___ Given records ___
Lemma ddsign_boxPhi t n : zsign (dd_hc t * (1 + (n + dd_ha t - 1))) = ddsign t n.
Proof. by rewrite /ddsign mulrC addrC subrK. Qed.

Section DDSigns.
Variable t : ddterm B B'.
Hypothesis deg_t : dd_ha t + dd_hc t = 1.

Lemma dd_hcE : dd_hc t = 1 - dd_ha t. Proof. lia. Qed.

Lemma ddsignE n : ddsign t n = zsign (n * dd_hc t).
Proof.
rewrite /ddsign dd_hcE; signs.
by case: (odd (absz n)); case: (odd (absz (dd_ha t))).
Qed.

Lemma ddsignS n : ddsign t (n + 1) + ddsign t n * zsign (dd_ha t) = 0.
Proof.
rewrite /ddsign dd_hcE; signs.
by case: (odd (absz n)); case: (odd (absz (dd_ha t))).
Qed.

Lemma ddsignSl n : zsign (dd_ha t) * ddsign t (n + 1) + ddsign t n = 0.
Proof.
rewrite /ddsign dd_hcE; signs.
by case: (odd (absz n)); case: (odd (absz (dd_ha t))).
Qed.
End DDSigns.

Let actD' i (y : A') := dgm_act A' y (dga_e B i).

Lemma boxPhiD h x y : tensor_eq (@actR _ _ B') actD'
  (map fst (boxPhi F1 F2 dd h (x + y)))
  (map fst (boxPhi F1 F2 dd h x) ++ map fst (boxPhi F1 F2 dd h y)).
Proof.
apply/tensor_eqP => G phi [_ phiB _].
rewrite /boxPhi /= !big_cons big_cat big_cons !big_map /= (additiveD F1B).
rewrite (additiveD (phiB 1)).
under eq_bigr do rewrite (additiveD (fun u v => F2Bl u v _)) (additiveD (phiB _)).
by rewrite big_split /= addrACA [RHS]addrA.
Qed.

Lemma boxPhi_idem h x i : tensor_eq (@actR _ _ B') actD'
  (map fst (boxPhi F1 F2 dd h (dgm_act A x (dga_e B i))))
  [seq (dga_e B' i * p.1.1, p.1.2) | p <- boxPhi F1 F2 dd h x].
Proof.
apply/tensor_eqP => G phi [phiBl phiBr phi_act].
rewrite /boxPhi /= !big_cons !big_map /=.
congr (_ + _); first by rewrite F1_idem -phi_act /actR mul1r mulr1.
under eq_bigr do rewrite F2_idem_l.
(* The sign of the [t]-th term is [(-1)^(h deg c_t)], i.e. the [h]-twist of [c_t]. *)
pose psi a c := phi (twist (dga_graded B') h c) (F2 x a).
have psi_bal : balanced (@actR _ _ B) (@actR _ _ B') psi.
  split=> [u v w|u v w|j u v]; rewrite /psi.
  - by rewrite F2Br phiBr.
  - by rewrite twistB phiBl.
  - by rewrite /actR F2_idem_r -phi_act /actR twist_mulr_e.
have := (tensor_eqP _ _ _ _).1 (dd_idem i) G psi psi_bal; rewrite !big_map /=.
rewrite /psi => sum_eq; rewrite -[LHS]/(\sum_(t <- dd) _).
transitivity (\sum_(t <- dd) phi (twist (dga_graded B') h (dd_c t))
                                (F2 x (dga_e B i * dd_a t))).
  apply: eq_big_In => t /dd_homog [_ hc _ deg_t].
  by rewrite (twist_homog _ _ hc) ddsign_boxPhi ddsignE.
rewrite sum_eq; apply: eq_big_In => t /dd_homog [_ hc _ deg_t].
rewrite (twist_homog _ _ (dga_homM (dga_hom_e B' i) hc)) add0r.
by rewrite ddsign_boxPhi ddsignE // mulrzAr.
Qed.
Lemma f_swap_succ v : v.+1 < n -> f v = v.+1 -> f v.+1 = v.
Proof.
(* some w is mapped onto v; w = v is excluded, and w = v.-1 by induction *)
elim: v => [|v IH] lt_v fv; have [w w_lt fw] := f_onto (ltnW lt_v);
  have := nbhd_f w_lt; rewrite fw => /path_nbhdP[v_w|w_v|[w_v _]];
  try lia; try (subst w; lia).
have w_v : w = v by lia.
by subst w; have := IH (ltnW lt_v) fw; lia.
Qed.

Lemma f_swap_pred v : v.+1 < n -> f v.+1 = v -> f v = v.+1.
Proof.
(* f v = v and, by induction, f v = v.-1 would contradict injectivity *)
elim: v => [|v IH] lt_v fv;
  have /path_nbhdP[//|v_fv|[fv_v _]] := nbhd_f (ltnW lt_v); try lia.
- by have := f_inj (ltnW lt_v) lt_v (etrans (esym fv_v) (esym fv)).
- have fv' : f v = v.+1 by apply: IH; lia.
  by have := f_inj (ltnW (ltnW lt_v)) lt_v (etrans fv' (esym fv)); lia.
- by have := f_inj (ltnW lt_v) lt_v (etrans (esym fv_v) (esym fv)); lia.
Qed.

(* [a] ends a block of f that is a fixed point or a swapped pair whose right
   vertex comes first. *)
Definition right_first a := f a = a \/ [/\ 0 < a, f a = a.-1 & pos a < pos a.-1].

Lemma right_first_next a : a.+1 < n -> right_first a ->
  f a.+1 = a.+2 /\ pos a.+2 < pos a.+1.
Proof.
move=> lt_a1 ra; have lt_a := ltnW lt_a1.
have [w [w_lt fw le_w pos_w]] : exists w, [/\ w < n, f w = a, w <= a & pos a <= pos w].
  case: ra => [fa|[a_gt0 fa pos_a]]; first by exists a.
  case: a a_gt0 lt_a1 lt_a fa pos_a => // b _ lt_b _ /= fb pos_b.
  by exists b; split; try lia; apply: f_swap_pred fb; lia.
have pos_a_a1 : pos a < pos a.+1.
  suff : pos w < pos a.+1 by lia.
  by apply: pos_lt_of_nbhd => //; [lia | rewrite fw path_nbhd_pred].
have fa1 : f a.+1 = a.+2.
  have /path_nbhdP[//|fa1|[fa1 _]] := nbhd_f lt_a1.
    by have := f_inj lt_a1 w_lt; lia.
  by have := f_undominated lt_a lt_a1 pos_a_a1; rewrite -fa1 path_nbhd_succ.
have lt_a2 : a.+2 < n by rewrite -fa1 f_lt.
split=> //; suff : pos a.+2 < pos a by lia.
apply: pos_lt_of_nbhd => //; first lia.
by rewrite f_swap_succ // path_nbhd_succ.
Qed.

Lemma right_first_last a b : right_first a -> a < b -> b < n -> f b != b.+1 ->
  [/\ a.+1 < b, f b = b.-1 & pos b < pos b.-1].
Proof.
move=> ra lt_ab; have [k -> k_gt0] : exists2 k, b = a + k & 0 < k by exists (b - a); lia.
elim/ltn_ind: k a k_gt0 ra {lt_ab} => k IH a k_gt0 ra lt_ak not_succ.
have [|fa1 pos_a1] := right_first_next _ ra; first lia.
have fa2 : f a.+2 = a.+1 by apply: f_swap_succ => //; rewrite -fa1 f_lt //; lia.
have ra2 : right_first a.+2 by right.
case: k IH lt_ak k_gt0 not_succ => [|[|[|k]]] IH lt_ak // _ not_succ.
- by rewrite addn1 fa1 eqxx in not_succ.
- by rewrite addn2; split.
have shift : a + k.+3 = a.+2 + k.+1 by lia.
rewrite shift in lt_ak not_succ *.
have [|_ fb pos_b] := IH k.+1 _ a.+2 isT ra2 lt_ak not_succ; first lia.
by split=> //; lia.
Qed.
(* Let $B,B'\in M_n(R)$ with $B'=A^\nabla BA$ for some non-singular $A\in M_n(R)$. Then: (1) every supertropical eigenvalue of $B$ is a supertropical eigenvalue of $B'$; (2) if all coefficients of $f_{B'}$ are tangible (or $0_R$), then $f_{B'}=f_B$; (3) $f_{B'}(B)$ is a ghost matrix, i.e. all its entries lie in $G\cup\{0_R\}$.
   Context: Supertropical semiring $R=T\cup G\cup\{-\infty\}$: $T=\mathcal G$ an ordered abelian group (tangible), $G=\{a^\nu\}$ a copy (ghost); $a+b$ is the element of larger $\nu$-value if the $\nu$-values differ and $a^\nu$ if equal; multiplication adds $\nu$-values, is ghost if a factor is ghost, $-\infty$ absorbing; $0_R=-\infty$, $1_R=0$. $\det(A)=\sum_{\sigma\in S_n}\prod_i a_{i,\sigma(i)}$; $A$ non-singular iff $\det(A)\in T$; $\operatorname{adj}(A)_{i,j}=\det(A_{j,i})$; $A^\nabla=\det(A)^{-1}\operatorname{adj}(A)$. Characteristic polynomial $f_M(x)=\det(xI+M)$, the formal polynomial whose $x^k$-coefficient is the sum of determinants of the $(n-k)\times(n-k)$ principal submatrices of $M$. For a polynomial $f=\sum c_ix^i$, $f(r)=\sum c_ir^i$ and $f(M)=\sum c_iM^i$ with $M^0=I$. A supertropical eigenvalue of $M$ is an element $\lambda\in T\cup\{0_R\}$ that is a root of $f_M$, i.e. $f_M(\lambda)\in G\cup\{0_R\}$. *)

From HB Require Import structures.
From mathcomp Require Import all_boot all_order all_algebra all_fingroup.
Set Implicit Arguments. Unset Strict Implicit. Unset Printing Implicit Defensive.
Import Order.TTheory GRing.Theory.
Local Open Scope order_scope.

Record ordAbGroup := OrdAbGroup {
  oag_sort :> zmodType;
  oag_le : rel oag_sort;
  oag_le_refl : reflexive oag_le;
  oag_le_anti : antisymmetric oag_le;
  oag_le_trans : transitive oag_le;
  oag_le_total : total oag_le;
  oag_leD2r : forall x y z : oag_sort, oag_le x y -> oag_le (x + z)%R (y + z)%R
}.

Definition oag_lt (G : ordAbGroup) (x y : G) : bool :=
  oag_le x y && ~~ oag_le y x.

Section Supertropical.
Variable G : ordAbGroup.

(* Elements of R = T ∪ G ∪ {-oo}: tangible a, ghost a^nu, zero -oo. *)
Inductive stR : Type :=
| stZero : stR
| stTan  : G -> stR
| stGh   : G -> stR.

Definition st_one : stR := stTan 0%R.   (* 1_R = 0 *)

Definition st_add (x y : stR) : stR :=
  match x, y with
  | stZero, _ => y
  | _, stZero => x
  | stTan a, stTan b | stTan a, stGh b | stGh a, stTan b | stGh a, stGh b =>
      if oag_lt a b then y else if oag_lt b a then x else stGh a
  end.

Definition st_mul (x y : stR) : stR :=
  match x, y with
  | stZero, _ | _, stZero => stZero
  | stTan a, stTan b => stTan (a + b)%R
  | stTan a, stGh b | stGh a, stTan b | stGh a, stGh b => stGh (a + b)%R
  end.

Definition st_tanz (x : stR) : bool := if x is stGh _ then false else true.
Definition st_ghostz (x : stR) : bool := if x is stTan _ then false else true.
Definition st_tangible (x : stR) : bool := if x is stTan _ then true else false.

(* inverse of a tangible element (irrelevant value elsewhere) *)
Definition st_inv (x : stR) : stR :=
  match x with stTan a => stTan (- a)%R | _ => stZero end.

Definition st_pow (x : stR) (k : nat) : stR := iter k (st_mul x) st_one.

Definition st_idmx n : 'M[stR]_n :=
  \matrix_(i, j) (if i == j then st_one else stZero).

Definition st_mulmx n (A B : 'M[stR]_n) : 'M[stR]_n :=
  \matrix_(i, j) \big[st_add/stZero]_(k < n) st_mul (A i k) (B k j).

Definition st_addmx n (A B : 'M[stR]_n) : 'M[stR]_n :=
  \matrix_(i, j) st_add (A i j) (B i j).

Definition st_scalemx n (c : stR) (A : 'M[stR]_n) : 'M[stR]_n :=
  \matrix_(i, j) st_mul c (A i j).

Definition st_zeromx n : 'M[stR]_n := \matrix_(i, j) stZero.

Definition st_expmx n (M : 'M[stR]_n) (k : nat) : 'M[stR]_n :=
  iter k (st_mulmx M) (st_idmx n).

Definition st_det n (A : 'M[stR]_n) : stR :=
  \big[st_add/stZero]_(s : 'S_n) \big[st_mul/st_one]_(i < n) A i (s i).

Definition st_nonsingular n (A : 'M[stR]_n) : bool := st_tangible (st_det A).

Definition st_minor n (j i : 'I_n) (A : 'M[stR]_n) : 'M[stR]_(n.-1) :=
  \matrix_(k, l) A (lift j k) (lift i l).

Definition st_adj n (A : 'M[stR]_n) : 'M[stR]_n :=
  \matrix_(i, j) st_det (st_minor j i A).

Definition st_nabla n (A : 'M[stR]_n) : 'M[stR]_n :=
  st_scalemx (st_inv (st_det A)) (st_adj A).

Definition st_principal n (S : {set 'I_n}) (A : 'M[stR]_n) : 'M[stR]_#|S| :=
  \matrix_(k, l) A (enum_val k) (enum_val l).

(* characteristic polynomial f_M(x) = det(xI + M), as the formal polynomial
   of degree n whose x^k coefficient is the sum of the determinants of the
   (n-k)x(n-k) principal submatrices of M. *)
Definition st_charpoly n (M : 'M[stR]_n) : {ffun 'I_n.+1 -> stR} :=
  [ffun k : 'I_n.+1 =>
     \big[st_add/stZero]_(S : {set 'I_n} | #|S| == n - k)
        st_det (st_principal S M)].

Definition st_peval n (f : {ffun 'I_n.+1 -> stR}) (r : stR) : stR :=
  \big[st_add/stZero]_(k < n.+1) st_mul (f k) (st_pow r k).

Definition st_pevalmx n m (f : {ffun 'I_n.+1 -> stR}) (M : 'M[stR]_m)
  : 'M[stR]_m :=
  \big[@st_addmx m/st_zeromx m]_(k < n.+1) st_scalemx (f k) (st_expmx M k).

Definition st_eigenvalue n (M : 'M[stR]_n) (l : stR) : Prop :=
  st_tanz l /\ st_ghostz (st_peval (st_charpoly M) l).

Definition st_ghostmx n (M : 'M[stR]_n) : Prop := forall i j, st_ghostz (M i j).

End Supertropical.

Arguments stZero {G}.

From HB Require Import structures.
From mathcomp Require Import all_boot all_order all_algebra all_fingroup.
From mathcomp Require Import mpoly.
From mathcomp Require Import zify.
Set Implicit Arguments. Unset Strict Implicit. Unset Printing Implicit Defensive.
Import GRing.Theory.

(* Write x |=gs y ("x ghost-surpasses y") when x = y + g for a ghost-or-zero
   g.  The heart of the proof is that every coefficient of f_{B'}, where
   B' = A^nabla B A with A non-singular, ghost-surpasses the corresponding
   coefficient of f_B, and that f_B(B) is a ghost matrix (supertropical
   Cayley-Hamilton).  The three claims of the corollary are then immediate,
   since |=gs is compatible with sums and products, a tangible element only
   surpasses itself, and only ghosts surpass ghosts.

   Both facts are obtained by a transfer principle.  A formal signed sum is a
   list of signed monomials in the entries of generic matrices; it can be
   read as a polynomial over the integers (signs counted, so terms may
   cancel) or evaluated in the supertropical semiring (signs forgotten).  If
   two formal sums E, F give the same integer polynomial, then the
   supertropical value of E surpasses that of F as soon as the dominant part
   of F consists of monomials occurring exactly once: the extra monomials of
   E cancel in pairs and hence produce ghosts.  We apply this to the
   classical identities
     sum of principal m-minors of adj(A) B A = det(A)^m (same sum for B),
     sum_k (-1)^(n-k) c_k(B) B^k = 0 (Cayley-Hamilton),
   using, for the first one, that a tangible det(A) has a unique dominant
   permutation term. *)

Section OrderedGroup.
Variable G : ordAbGroup.
Implicit Types a b c : G.
(* Let $a\in(0,1)$. As $n\to\infty$, $\mu\to0$ with $n\mu\to\theta\in[0,\infty)$ and $|\mathcal{S}|\mu\to\eta\in[0,\infty)$, $$\mathbb{E}\Big[\sum_{i\in\mathcal{S}}\delta_{n^{-1}B_i^{n,\mu}}\big((a,1)\big)\Big]\longrightarrow 2\eta(a^{-1}-1).$$
   Context: Basic model. Let $\mathcal{N}=\{A,C,G,T\}$, $\mathcal{S}$ a finite nonempty set of sites. One initial cell with genome $u=(u_i)_{i\in\mathcal{S}}\in\mathcal{N}^{\mathcal{S}}$; each cell lives an independent Exp(1) time and is then replaced by two daughters. At a division of a cell with genome $v$, conditionally on $v$ the daughters' entries $V_i^{(r)}$ ($i\in\mathcal{S}$, $r\in\{1,2\}$) are independent with $\mathbb{P}[V_i^{(r)}=\psi\mid v]=\mu/3$ for $\psi\neq v_i$ and $1-\mu$ for $\psi=v_i$; different divisions mutate independently. $\sigma_n$ = first time there are $n$ alive cells; $B_i^{n,\mu}$ = number of cells alive at $\sigma_n$ whose nucleotide at site $i$ differs from $u_i$. The limit is along arbitrary sequences of $(n,\mu,\mathcal{S})$ with the stated asymptotics. *)

From Stdlib Require Import Reals List.
Import ListNotations.
Open Scope R_scope.

Inductive Nuc : Type := NA | NC | NG | NT.

Definition nuc_eqb (x y : Nuc) : bool :=
  match x, y with
  | NA, NA | NC, NC | NG, NG | NT, NT => true
  | _, _ => false
  end.

Definition all_nucs : list Nuc := [NA; NC; NG; NT].

(* A genome on the site set S = {0, ..., m-1} is a list of length m;
   entry i is the nucleotide at site i. *)
Fixpoint all_genomes (m : nat) : list (list Nuc) :=
  match m with
  | O => [nil]
  | S m' => flat_map (fun x => map (fun g => x :: g) (all_genomes m')) all_nucs
  end.

Definition rsum {A : Type} (l : list A) (g : A -> R) : R :=
  fold_right (fun x acc => g x + acc) 0 l.

Definition site_prob (mu : R) (x y : Nuc) : R :=
  if nuc_eqb x y then 1 - mu else mu / 3.

(* Probability that a daughter of a cell with genome v has genome w
   (entries independent across sites). *)
Fixpoint genome_prob (mu : R) (v w : list Nuc) : R :=
  match v, w with
  | x :: v', y :: w' => site_prob mu x y * genome_prob mu v' w'
  | _, _ => 1
  end.

Definition divide_at (cells : list (list Nuc)) (j : nat) (w1 w2 : list Nuc)
  : list (list Nuc) :=
  firstn j cells ++ w1 :: w2 :: skipn (S j) cells.

(* Expectation of f(population) after r further divisions, for the
   population process observed at its division times (the jump chain of the
   Yule process with Exp(1) lifetimes): at each division the dividing cell is
   uniform among the alive cells, and the two daughters mutate independently. *)
Fixpoint expect_after (r : nat) (mu : R) (m : nat)
         (f : list (list Nuc) -> R) (cells : list (list Nuc)) : R :=
  match r with
  | O => f cells
  | S r' =>
      / INR (length cells) *
      rsum (seq 0 (length cells)) (fun j =>
        let v := nth j cells nil in
        rsum (all_genomes m) (fun w1 =>
          rsum (all_genomes m) (fun w2 =>
            genome_prob mu v w1 * genome_prob mu v w2 *
            expect_after r' mu m f (divide_at cells j w1 w2))))
  end.

Definition B_count (u : list Nuc) (i : nat) (cells : list (list Nuc)) : nat :=
  length (filter (fun c => negb (nuc_eqb (nth i c NA) (nth i u NA))) cells).

Definition dirac_open (a x : R) : R :=
  if Rlt_dec a x then (if Rlt_dec x 1 then 1 else 0) else 0.

Definition stat (a : R) (n m : nat) (u : list Nuc) (cells : list (list Nuc)) : R :=
  rsum (seq 0 m) (fun i => dirac_open a (INR (B_count u i cells) / INR n)).

(* E[ sum_{i in S} delta_{n^{-1} B_i^{n,mu}}((a,1)) ]: at sigma_n exactly
   n-1 divisions have occurred, starting from one cell with genome u. *)
Definition expected_stat (a : R) (n : nat) (mu : R) (m : nat) (u : list Nuc) : R :=
  expect_after (n - 1) mu m (stat a n m u) [u].

(* By linearity over the sites, the expectation is [|S|] times the probability [p] that the
   mutant count [B] of a single site, followed along the jump chain of the Yule process, ends
   with [B / n] in [(a, 1)]; [p] is computed by a backward recursion over the population size.
   Started from no mutant, the count leaves 0 only by a first mutation, which occurs with
   probability about [2 mu] at each size [l], after which [B] behaves like Pólya's urn started
   from one mutant among [l] cells: the probability that its final fraction exceeds [a] tends to
   [(1 - a) ^ (l - 1)], and these sum to [1 / a - 1].  For small [l] this is transferred from
   [mu = 0] to [mu > 0] by a Lipschitz smoothing of the window; large [l] and the error terms
   are controlled by a second-moment supersolution.  For every [eps > 0] and large [n] this gives
   [|p - 2 (1 / a - 1) mu| <= mu (eps + C_eps K)] with [K = mu + mu H_n ^ 2 + n mu ^ 2 H_n ^ 2],
   and [K] tends to 0 when [mu] does and [n mu] stays bounded. *)

From Stdlib Require Import Reals Lra Lia List ZArith.
Import ListNotations.
Open Scope R_scope.

Lemma rsum_cons {A} (x : A) l g : rsum (x :: l) g = g x + rsum l g.
Proof. reflexivity. Qed.

Lemma rsum_app {A} (l1 l2 : list A) g : rsum (l1 ++ l2) g = rsum l1 g + rsum l2 g.
Proof. induction l1 as [|x l1 IH]; [unfold rsum; simpl; lra|].
  rewrite <- app_comm_cons, !rsum_cons, IH; lra. Qed.

Lemma rsum_ext_in {A} (l : list A) f g :
  (forall x, In x l -> f x = g x) -> rsum l f = rsum l g.
Proof.
  induction l as [|x l IH]; intros H; [reflexivity|].
  rewrite !rsum_cons, H by (left; reflexivity).
  rewrite IH; [reflexivity|]. intros; apply H; right; assumption.
Qed.

Lemma rsum_plus {A} (l : list A) f g : rsum l (fun x => f x + g x) = rsum l f + rsum l g.
Proof. induction l as [|x l IH]; [unfold rsum; simpl; lra|]. rewrite !rsum_cons, IH; lra. Qed.

Lemma rsum_scal {A} (l : list A) c f : rsum l (fun x => c * f x) = c * rsum l f.
Proof. induction l as [|x l IH]; [unfold rsum; simpl; lra|]. rewrite !rsum_cons, IH; lra. Qed.

Lemma rsum_scal_r {A} (l : list A) c f : rsum l (fun x => f x * c) = rsum l f * c.
Proof. rewrite Rmult_comm, <- rsum_scal. apply rsum_ext_in; intros; lra. Qed.

Lemma rsum_swap {A B} (l1 : list A) (l2 : list B) f :
  rsum l1 (fun x => rsum l2 (f x)) = rsum l2 (fun y => rsum l1 (fun x => f x y)).
Proof.
  induction l1 as [|x l1 IH].
  - induction l2 as [|y l2 IH2]; [reflexivity|]. rewrite rsum_cons, <- IH2. unfold rsum; simpl; lra.
  - rewrite rsum_cons, IH, <- rsum_plus. reflexivity.
Qed.

Lemma rsum_le {A} (l : list A) f g :
  (forall x, In x l -> f x <= g x) -> rsum l f <= rsum l g.
Proof.
  induction l as [|x l IH]; intros H; [unfold rsum; simpl; lra|]. rewrite !rsum_cons.
  apply Rplus_le_compat; [apply H; left; auto | apply IH; intros; apply H; right; auto].
Qed.

Lemma rsum_map {A B} (h : A -> B) l g : rsum (map h l) g = rsum l (fun x => g (h x)).
Proof. induction l as [|x l IH]; [reflexivity|]. simpl map. rewrite !rsum_cons, IH; reflexivity. Qed.

Lemma rsum_flat_map {A B} (F : A -> list B) l g :
  rsum (flat_map F l) g = rsum l (fun x => rsum (F x) g).
Proof. induction l as [|x l IH]; [reflexivity|]. simpl flat_map. rewrite rsum_app, rsum_cons, IH; reflexivity. Qed.

Lemma rsum_const {A} (l : list A) c : rsum l (fun _ => c) = INR (length l) * c.
Proof.
  induction l as [|x l IH]; simpl length; [simpl; lra|].
  rewrite rsum_cons, IH, S_INR; lra.
Qed.

Lemma rsum_abs {A} (l : list A) f : Rabs (rsum l f) <= rsum l (fun x => Rabs (f x)).
Proof.
  induction l as [|x l IH]; [unfold rsum; simpl; rewrite Rabs_R0; lra|].
  rewrite !rsum_cons. eapply Rle_trans; [apply Rabs_triang|]. lra.
Qed.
___
• **Description of the task**
Gather all lines with the string "elim" from the data.

• **Your response**
elim: v => [|v IH] lt_v fv; have [w w_lt fw] := f_onto (ltnW lt_v);
elim: v => [|v IH] lt_v fv;
elim/ltn_ind: k a k_gt0 ra {lt_ab} => k IH a k_gt0 ra lt_ak not_succ.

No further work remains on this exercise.